▶ [What needs to be done]: Check every line of the data and copy the ones where "unfold" appears.

(Source data begins)

Lemma admissible_radius_exists z : exists r, admissible_radius z r.
Proof.
  destruct tau_Cplus as [tau_cont tau_pos].
  pose proof (tau_pos z) as Hz.
  destruct (tau_cont z (tau z / 3)) as [d1 [Hd1 H1]]; [lra|].
  destruct (F_cont z (tau z / 3)) as [d2 [Hd2 H2]]; [lra|].
  exists (Rmin 1 (Rmin d1 d2)).
  pose proof (Rmin_l 1 (Rmin d1 d2)). pose proof (Rmin_r 1 (Rmin d1 d2)).
  pose proof (Rmin_l d1 d2). pose proof (Rmin_r d1 d2).
  split.
  - split; [|lra]. apply Rmin_glb_lt; [lra|]. now apply Rmin_glb_lt.
  - intros q1 q2 Hq1 Hq2.
    specialize (H1 q2 ltac:(lra)). apply Rabs_def2 in H1.
    pose proof (H2 q1 ltac:(lra)). pose proof (H2 q2 ltac:(lra)).
    pose proof (dist2_triangle (F q1) (F z) (F q2)).
    rewrite (dist2_sym (F z) (F q2)) in *. lra.
Qed.

Lemma admissible_radius_shift z z' r :
  admissible_radius z r -> dist2 z z' < r -> admissible_radius z' (r - dist2 z z').
Proof.
  intros [Hr HF] Hzz'. split; [split; [lra|]|].
  - pose proof (sqrt_pos ((fst z - fst z') ^ 2 + (snd z - snd z') ^ 2)).
    unfold dist2 in *. lra.
  - intros q1 q2 Hq1 Hq2. apply HF.
    + pose proof (dist2_triangle q1 z' z). rewrite (dist2_sym z' z) in *. lra.
    + pose proof (dist2_triangle q2 z' z). rewrite (dist2_sym z' z) in *. lra.
Qed.

Lemma admissible_radius_lub z : {m | is_lub (admissible_radius z) m}.
Proof.
  apply completeness; [|apply admissible_radius_exists].
  exists 1. now intros r [[_ Hr] _].
Qed.

Definition max_radius (z : R2) : R := proj1_sig (admissible_radius_lub z).

Lemma max_radius_approx z d :
  d < max_radius z -> exists r, admissible_radius z r /\ d < r.
Proof. apply is_lub_approx. unfold max_radius. apply proj2_sig. Qed.

Lemma max_radius_pos z : 0 < max_radius z.
Proof.
  destruct (admissible_radius_exists z) as [r Hr].
  pose proof (proj1 (proj2_sig (admissible_radius_lub z)) r Hr) as Hub.
  fold (max_radius z) in Hub. destruct Hr as [[Hr _] _]. lra.
Qed.

Lemma max_radius_lipschitz z z' : max_radius z - dist2 z z' <= max_radius z'.
Proof.
  apply Rnot_lt_le. intro Hlt.
  destruct (max_radius_approx z (max_radius z' + dist2 z z')) as [r [Hr Hlt']]; [lra|].
  pose proof (max_radius_pos z').
  pose proof (admissible_radius_shift z z' r Hr ltac:(lra)) as Hr'.
  pose proof (proj1 (proj2_sig (admissible_radius_lub z')) _ Hr') as Hub.
  fold (max_radius z') in Hub. lra.
Qed.

Lemma continuity_modulus :
  exists eps, Cplus eps /\ forall z q, dist2 q z < eps z -> dist2 (F q) (F z) < tau z.
Proof.
  exists max_radius. split; [split|].
  - intros p e He. exists e. split; [exact He|]. intros q Hq.
    pose proof (max_radius_lipschitz q p). pose proof (max_radius_lipschitz p q).
    rewrite (dist2_sym p q) in *. apply Rabs_def1; lra.
  - exact max_radius_pos.
  - intros z q Hq.
    destruct (max_radius_approx z (dist2 q z) Hq) as [r [[Hr HF] Hqr]].
    apply HF; [exact Hqr|]. rewrite dist2_refl. lra.
Qed.

End ContinuityModulus.

Lemma iterZ_of_nat F Finv k p : iterZ F Finv (Z.of_nat k) p = Nat.iter k F p.
Proof. destruct k; simpl; [reflexivity|]. now rewrite SuccNat2Pos.id_succ. Qed.

Lemma iterZ_opp_of_nat F Finv k p : iterZ F Finv (- Z.of_nat k) p = Nat.iter k Finv p.
Proof. destruct k; simpl; [reflexivity|]. now rewrite SuccNat2Pos.id_succ. Qed.

Lemma Z_of_nat_or_opp_succ (n : Z) :
  (exists k, n = Z.of_nat k) \/ (exists k, n = (- Z.of_nat (S k))%Z).
Proof.
  destruct (Z.le_gt_cases 0 n).
  - left. exists (Z.to_nat n). lia.
  - right. exists (Z.to_nat (- n - 1)). lia.
Qed.

Lemma iterZ_succ F Finv : (forall x, F (Finv x) = x) ->
  forall n p, iterZ F Finv (n + 1) p = F (iterZ F Finv n p).
Proof.
  intros FK n p. destruct (Z_of_nat_or_opp_succ n) as [[k ->] | [k ->]].
  - replace (Z.of_nat k + 1)%Z with (Z.of_nat (S k)) by lia.
    now rewrite !iterZ_of_nat.
  - replace (- Z.of_nat (S k) + 1)%Z with (- Z.of_nat k)%Z by lia.
    rewrite !iterZ_opp_of_nat. simpl. now rewrite FK.
Qed.

Lemma iterZ_unique F Finv (u : Z -> R2) : (forall x, Finv (F x) = x) ->
  (forall n, u (n + 1)%Z = F (u n)) -> forall n, u n = iterZ F Finv n (u 0%Z).
Proof.
  intros FinvK Hu n. destruct (Z_of_nat_or_opp_succ n) as [[k ->] | [k' ->]].
  - rewrite iterZ_of_nat. induction k as [|k IH]; [reflexivity|].
    replace (Z.of_nat (S k)) with (Z.of_nat k + 1)%Z by lia.
    simpl. now rewrite Hu, IH.
  - rewrite iterZ_opp_of_nat. generalize (S k') as k. intro k.
    induction k as [|k IH]; [reflexivity|].
    change (Nat.iter (S k) Finv (u 0%Z)) with (Finv (Nat.iter k Finv (u 0%Z))).
    rewrite <- IH.
    replace (- Z.of_nat k)%Z with (- Z.of_nat (S k) + 1)%Z by lia.
    now rewrite Hu, FinvK.
Qed.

(Source data ends)

▶ [Task response]:
    unfold dist2 in *. lra.
Proof. apply is_lub_approx. unfold max_radius. apply proj2_sig. Qed.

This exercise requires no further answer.